* [Assignment] If a line in the entries below includes "Definition", pick it out and copy it.

*** Opening of Given data ***

Lemma chareq_root_Re_neg A B tau lam :
  - A < B <= A -> 0 <= tau -> chareq A B tau lam = 0%C -> Re lam < 0.
Proof.
  destruct lam as [x y]; simpl; rewrite chareq_rootP.
  intros HAB Htau [Hre Him].
  apply Rnot_le_lt; intros Hx0.
  set (E := exp (- (x * tau))) in *.
  set (c := cos (y * tau)) in *; set (s := sin (y * tau)) in *.
  assert (HE0 : 0 < E) by apply exp_pos.
  assert (HE1 : E <= 1).
  { rewrite <- exp_0; unfold E.
    destruct (Rle_lt_or_eq_dec (- (x * tau)) 0) as [Hlt | ->];
      [nra | left; now apply exp_increasing | right; reflexivity]. }
  assert (Hmod : (x + A) ^ 2 + y ^ 2 = (B * E) ^ 2).
  { pose proof (sin2_cos2 (y * tau)) as Hcs; unfold Rsqr in Hcs; fold c s in Hcs.
    replace (x + A) with (- (B * E * c)) by lra; replace y with (B * E * s) by lra.
    replace ((B * E) ^ 2) with ((B * E) ^ 2 * (s * s + c * c)) by (rewrite Hcs; ring).
    ring. }
  assert (HBE : (B * E) ^ 2 <= B ^ 2).
  { replace ((B * E) ^ 2) with (B ^ 2 * (E * E)) by ring.
    assert (E * E <= 1) by nra. nra. }
  assert (HBA : B ^ 2 <= A ^ 2) by nra.
  assert (HAx : A ^ 2 <= (x + A) ^ 2) by nra.
  assert (Hy : y = 0) by nra.
  assert (Hx : x = 0) by (subst y; nra).
  subst x y; unfold c, E in Hre.
  rewrite Rmult_0_l, Ropp_0, exp_0, cos_0 in Hre; lra.
Qed.

Definition theta_cot (th : R) : R := th * cos th / sin th.

Definition crossing_phase (th : R) : R := ln (th / sin th) - theta_cot th.

Definition crossing_phase_deriv (th : R) : R :=
  1 / th + th / (sin th * sin th) - 2 * cos th / sin th.

Lemma is_derive_theta_cot th :
  sin th <> 0 -> is_derive theta_cot th (cos th / sin th - th / (sin th * sin th)).
Proof.
  intros Hs; unfold theta_cot; auto_derive; [exact Hs |].
  pose proof (sin2_cos2 th) as Hcs; unfold Rsqr in Hcs.
  field_simplify; [| exact Hs | exact Hs].
  replace (cos th ^ 2) with (1 - sin th ^ 2) by (simpl; lra).
  field; exact Hs.
Qed.

Lemma is_derive_crossing_phase th :
  0 < th < PI -> is_derive crossing_phase th (crossing_phase_deriv th).
Proof.
  intros Hth.
  assert (Hs : 0 < sin th) by (apply sin_gt_0; lra).
  unfold crossing_phase, crossing_phase_deriv.
  replace (1 / th + th / (sin th * sin th) - 2 * cos th / sin th)
    with ((1 / th - cos th / sin th)
          - (cos th / sin th - th / (sin th * sin th))) by (field; lra).
  apply (is_derive_minus (fun t => ln (t / sin t)) theta_cot).
  - auto_derive.
    + split; [| split]; [lra | apply Rdiv_lt_0_compat; lra | lra].
    + field; lra.
  - apply is_derive_theta_cot; lra.
Qed.

Lemma crossing_phase_deriv_pos th : 0 < th < PI -> 0 < crossing_phase_deriv th.
Proof.
  intros Hth.
  assert (Hs : 0 < sin th) by (apply sin_gt_0; lra).
  assert (Hc : cos th < 1).
  { pose proof (sin2_cos2 th) as Hcs; unfold Rsqr in Hcs.
    assert (0 < sin th * sin th) by nra. nra. }
  unfold crossing_phase_deriv.
  replace (1 / th + th / (sin th * sin th) - 2 * cos th / sin th)
    with (((sin th - th) ^ 2 + 2 * th * sin th * (1 - cos th)) / (th * (sin th * sin th)))
    by (field; lra).
  assert (0 < th * sin th * (1 - cos th)).
  { apply Rmult_lt_0_compat; [apply Rmult_lt_0_compat |]; lra. }
  pose proof (pow2_ge_0 (sin th - th)).
  apply Rdiv_lt_0_compat; [lra | apply Rmult_lt_0_compat; nra].
Qed.

Lemma crossing_phase_increasing x y :
  0 < x -> x < y -> y < PI -> crossing_phase x < crossing_phase y.
Proof.
  intros Hx Hxy Hy.
  destruct (MVT_cor2 crossing_phase crossing_phase_deriv x y Hxy) as [c [Hc Hcxy]].
  - intros c Hc; apply is_derive_Reals, is_derive_crossing_phase; lra.
  - assert (0 < crossing_phase_deriv c) by (apply crossing_phase_deriv_pos; lra).
    nra.
Qed.

Definition phase_root (A t th : R) : C := (- (A + theta_cot th / t), th / t).

Lemma chareq_phase_root A B t th :
  0 < B -> 0 < t -> 0 < th -> 0 < sin th ->
  ln (B * t) + A * t = crossing_phase th ->
  chareq A B t (phase_root A t th) = 0%C.
Proof.
  intros HB Ht Hth Hs Hphase.
  assert (Hexp : exp (- (- (A + theta_cot th / t) * t)) = th / (B * t * sin th)).
  { replace (- (- (A + theta_cot th / t) * t)) with (ln (th / sin th) - ln (B * t))
      by (unfold crossing_phase in Hphase; field_simplify; lra).
    rewrite <- ln_div, exp_ln.
    - field; lra.
    - apply Rdiv_lt_0_compat; [apply Rdiv_lt_0_compat |]; nra.
    - apply Rdiv_lt_0_compat; lra.
    - nra. }
  apply chareq_rootP; rewrite Hexp.
  replace (th / t * t) with th by (field; lra).
  unfold theta_cot; split; field; lra.
Qed.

*** Close of Given data ***

* [Task response]
Definition theta_cot (th : R) : R := th * cos th / sin th.
Definition crossing_phase (th : R) : R := ln (th / sin th) - theta_cot th.
Definition crossing_phase_deriv (th : R) : R :=
Definition phase_root (A t th : R) : C := (- (A + theta_cot th / t), th / t).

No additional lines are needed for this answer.